What would be the evolutionary advantage of self-touch producing analgesia? It is well established that pain ratings for both acute and chronic pain can be modulated by higher-level cognition (e.g. Longo et al. 2009; Mancini et al. 2011; Moseley et al. 2008). One such cognitive factor is the perceived threat of the painful stimulus (for an overview, see Butler and Moseley 2003). Whereas being touched by someone else is inherently uncertain, self-touch reduces such uncertainty and provides predictability and possibly a sense of protection or safety. Conversely, contact with another person is unpredictable and could thereby be perceived as a liability, especially when we are in pain.

In Experiment 2, we observed that asymmetric self-touch did not differentially affect the P100 SEP component as compared to touching the experimenter. Although this pattern of results fits well with the known bilateral symmetric response properties of SII neurons, P100 scalp distributions for both conditions in Experiment 2 (Fig. 11) show similarities to the self-touch condition in Experiment 1 (Fig. 3).
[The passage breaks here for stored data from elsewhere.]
Lemma mulr_idem_in_left_ideal (z : A) : (z * e : A^o) \in left_ideal_pred.
Proof. by rewrite unfold_in /= -mulrA ee. Qed.

Definition left_ideal_gen : left_ideal := LeftIdeal (mulr_idem_in_left_ideal 1).

Lemma left_ideal_genE (p : left_ideal) : left_ideal_val p *: left_ideal_gen = p.
Proof. by apply: val_inj; rewrite /= mul1r; apply: left_ideal_valK. Qed.

Lemma left_ideal_iso : iso_left_ideal left_ideal e.
Proof.
exists left_ideal_val; split; first exact: val_inj.
move=> x; split=> [[p <-]|[y ->]]; first by exists (left_ideal_val p); rewrite left_ideal_valK.
by exists (LeftIdeal (mulr_idem_in_left_ideal y)).
Qed.

Lemma left_ideal_projective : projective_mod left_ideal.
Proof.
move=> M N f g f_onto; have [m fm] := f_onto (g left_ideal_gen).
by exists (act_on m) => p; rewrite /act_on linearZ fm -linearZ left_ideal_genE.
Qed.

Lemma left_ideal_cover (V : lmodType A) (v : V) :
  e *: v = v -> (forall u : V, exists z : A, z *: v = u) ->
  (forall x : A, x * e = x -> x *: v = v -> exists y, y * x = e) ->
  projective_cover left_ideal V.
Proof.
move=> ev v_gen fix_gen; split; first exact: left_ideal_projective.
exists (act_on v); split=> [u|M g g_onto p].
  have [z <-] := v_gen u; exists (LeftIdeal (mulr_idem_in_left_ideal z)).
  by rewrite /act_on /= -{2}ev scalerA.
have [m gm] := g_onto v; have [y yx] := fix_gen _ (left_ideal_valK _) gm.
exists ((left_ideal_val p * y) *: m); apply: val_inj.
by rewrite linearZ /= -[RHS]left_ideal_valK -yx mulrA.
Qed.

End IdempotentCover.

Section LocalCorner.
Variables (k : fieldType) (A : algType k) (e n : A).
Hypotheses (ee : e * e = e) (en : e * n = n) (ne : n * e = n) (nn : n * n = 0).
Hypothesis corner : forall z : A, exists x y : k, e * z * e = x *: e + y *: n.

Lemma scale_actE (V : lmodType A) (r : k) (x : A) (v : V) : (r *: x) *: v = r%:A *: (x *: v).
Proof. by rewrite scalerA mulr_algl. Qed.
Lemma inj_rep_in_ct w : C (inj_rep k s t w).
Proof.
case: C_ct => _ _ ExtC; apply/ExtC => Y CY i /andP[i_gt0 _].
(* Ext^1(Y, P_w) = 0 is used only for the projective resolution of Y it carries. *)
have [P [d [eps [res _]]]] := Ext1_vanish_in_ct CY (proj_rep_in_ct w).
exact: inj_rep_Ext_vanish res i_gt0.
Qed.

End ClusterTilting.

Section Twist.
Variables (k : fieldType) (V E : finType) (s t : E -> V) (w x : V) (a b c0 : E).
Hypotheses (sc0 : s c0 = s a) (tc0 : t c0 = t b).

(* Along c0, send the basis vector [Some a] of I_w at s a to the basis
   vector [Some b] of P_x at t b. *)
Definition twist_mx c u u' :
  'M[k]_(rdim (inj_rep k s t w) u, rdim (proj_rep k s t x) u') :=
  (c == c0)%:R *: ind_mx (proj_basis t s w u) (proj_basis s t x u') (Some a) (Some b).

Lemma twist_mx_supp c u u' : (u, u') != (s c, t c) -> twist_mx c u u' = 0.
Proof.
move=> uu'; rewrite /twist_mx; case: eqP => [ce|_]; last by rewrite scale0r.
rewrite scale1r ind_mx_eq0 //; apply: contra uu'; rewrite ce !proj_basis_Some.
by case/andP => /andP[_ /eqP<-] /andP[_ /eqP<-]; rewrite sc0 tc0.
Qed.

Lemma twist_mx_entry c u u' i j :
  twist_mx c u u' i j
    = (c == c0)%:R * ((enum_val i == Some a)%:R * (enum_val j == Some b)%:R).
Proof. by rewrite !mxE. Qed.

Lemma twist_mx_rarr c d u v v' :
  twist_mx c u v *m rarr (proj_rep k s t x) d v v' = 0.
Proof. by rewrite -scalemxAl /= /proj_arr ind_mx_mul0 ?scaler0. Qed.

Lemma rarr_twist_mx c d u v v' :
  rarr (inj_rep k s t w) c u v *m twist_mx d v v' = 0.
Proof. by rewrite -scalemxAr /= /proj_arr tr_ind_mx ind_mx_mul0 ?scaler0. Qed.

End Twist.

Section DegreeBound.
Variables (k : fieldType) (V E : finType) (s t : E -> V) (n : nat) (C : rep k s t -> Prop).
Hypotheses (n_ge2 : (2 <= n)%N) (C_ct : n_cluster_tilting n C).

Lemma twist_splits w x a b c0 : s c0 = s a -> t c0 = t b ->
  exists sg : forall u, 'M[k]_(rdim (inj_rep k s t w) u, rdim (proj_rep k s t x) u),
    forall c u u', rarr (inj_rep k s t w) c u u' *m sg u'
      = sg u *m rarr (proj_rep k s t x) c u u' + @twist_mx k _ _ s t w x a b c0 c u u'.
Proof.
move=> sc0 tc0; apply: (Ext1_vanish_twist (twist_mx_supp _ _ _ sc0 tc0)).
- exact: twist_mx_rarr.
- exact: rarr_twist_mx.
exact: (Ext1_vanish_in_ct n_ge2 C_ct (inj_rep_in_ct n_ge2 C_ct w) (proj_rep_in_ct C_ct x)).
Qed.

Lemma out_arrows_eq a1 a2 a3 :
  s a1 = s a2 -> s a3 = s a2 -> a1 != a2 -> a1 != a3 -> a3 = a2.
Proof.
move=> s12 s32 a12 a13.
have [sg sgP] := twist_splits (t a1) (s a2) (esym s12) (erefl (t a2)).
have a1_in : Some a1 \in proj_basis t s (t a1) (s a2) by rewrite proj_basis_Some s12 !eqxx.
pose i1 := enum_rank_in a1_in (Some a1).
have key c : s c = s a2 -> c != a1 ->
    (sg (s a2) *m (ind_row _ None)^T) i1 0 + (c == a2)%:R = 0.
  move=> sc ca1; have c_in : Some c \in proj_basis s t (s a2) (t c).
    by rewrite proj_basis_Some sc !eqxx.
  move/matrixP: (sgP c (s a2) (t c)) => /(_ i1 (enum_rank_in c_in (Some c))).
  rewrite /= /proj_arr tr_ind_mx ind_mx_mulmx_entry [X in _ = X]mxE.
  rewrite mulmx_ind_mx_entry twist_mx_entry !enum_rankK_in //= !(inj_eq Some_inj).
  by rewrite eq_sym (negbTE ca1) !eqxx mul0r mul1r mulr1 -natrM mulnb andbb.
apply/eqP; apply: contraT => a32.
have := key a3 s32; rewrite eq_sym a13 (negbTE a32) addr0 => /(_ isT) alpha0.
have := key a2 erefl; rewrite eq_sym a12 alpha0 eqxx add0r => /(_ isT) /eqP.
by rewrite oner_eq0.
Qed.

Lemma in_arrows_eq b1 b2 b3 :
  t b1 = t b2 -> t b3 = t b2 -> b1 != b2 -> b1 != b3 -> b3 = b2.
Proof.
move=> t12 t32 b12 b13.
have [sg sgP] := twist_splits (t b2) (s b1) (erefl (s b2)) (esym t12).
have b1_in : Some b1 \in proj_basis s t (s b1) (t b2) by rewrite proj_basis_Some t12 !eqxx.
pose j1 := enum_rank_in b1_in (Some b1).
have key c : t c = t b2 -> c != b1 ->
    (ind_row _ None *m sg (t b2)) 0 j1 = (c == b2)%:R.
  move=> tc cb1; have c_in : Some c \in proj_basis t s (t b2) (s c).
    by rewrite proj_basis_Some tc !eqxx.
  move/matrixP: (sgP c (s c) (t b2)) => /(_ (enum_rank_in c_in (Some c)) j1).
  rewrite /= /proj_arr tr_ind_mx ind_mx_mulmx_entry [X in _ = X]mxE.
  rewrite mulmx_ind_mx_entry twist_mx_entry !enum_rankK_in //= !(inj_eq Some_inj).
  by rewrite [b1 == c]eq_sym (negbTE cb1) !eqxx mulr0 add0r mul1r mulr1 -natrM mulnb andbb.
apply/eqP; apply: contraT => b32.
have := key b3 t32; rewrite eq_sym b13 (negbTE b32) => /(_ isT) beta0.
have := key b2 erefl; rewrite eq_sym b12 beta0 eqxx => /(_ isT) /eqP.
by rewrite eq_sym oner_eq0.
Qed.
The fact that the scalp distribution of the experimenter-touch condition in Experiment 2 appears more similar to the self-touch (as opposed to experimenter touch) condition of Experiment 1 hints that perhaps some P100 modulation might in fact also be taking place in both conditions in Experiment 2. Although it is speculative, such modulation might reflect that the fireman’s chair configuration is a very stable, interlinked configuration generating correlated and predictable input to both limbs, irrespective of the identity of the limbs being touched by each hand.

Clearly, more research will be necessary to investigate whether the predictability of touch might affect processing of afferent input. Indeed, such an interpretation might predict that removing the predictability of self-touch (for example if the person’s limbs are passively brought into contact with one another), this might reduce the analgesic effect of self-touch. Conversely, this interpretation would predict that increasing the predictability of external touch might alleviate pain. Whether this occurs is currently an open empirical question, but if uncertainty and predictability of touch do underlie this aspect of the pain experience, this would have clinical implications for the interaction with patients who are in pain, where it would therefore be good practice that the doctor talks the patient through a procedure with the aim of reducing uncertainty about when and where the patient will be touched.

In sum, in this study, we followed up on previous reports of additional analgesia resulting from self-touch by investigating SEPs evoked by painful stimuli. We show that the midlatency P100, which has previously been implicated in the conscious perception of a sensory stimulus, is enhanced when the painful stimulus is administered whilst the person is touching one’s own body, as compared to when he or she is touching nothing, an inanimate object, or another person’s hand. A follow-up experiment showed that the effects of self-touch on SEPs disappear when contact between body parts is asymmetric, suggesting that the underlying mechanisms operate at a level where receptive fields are large enough to encompass both of the hands. Based on the scalp distribution of the P100 difference wave, its timing, and its position in the somatosensory processing hierarchy as the earliest processing area with bilateral response characteristics, we suggest that secondary somatosensory cortex might underlie this effect.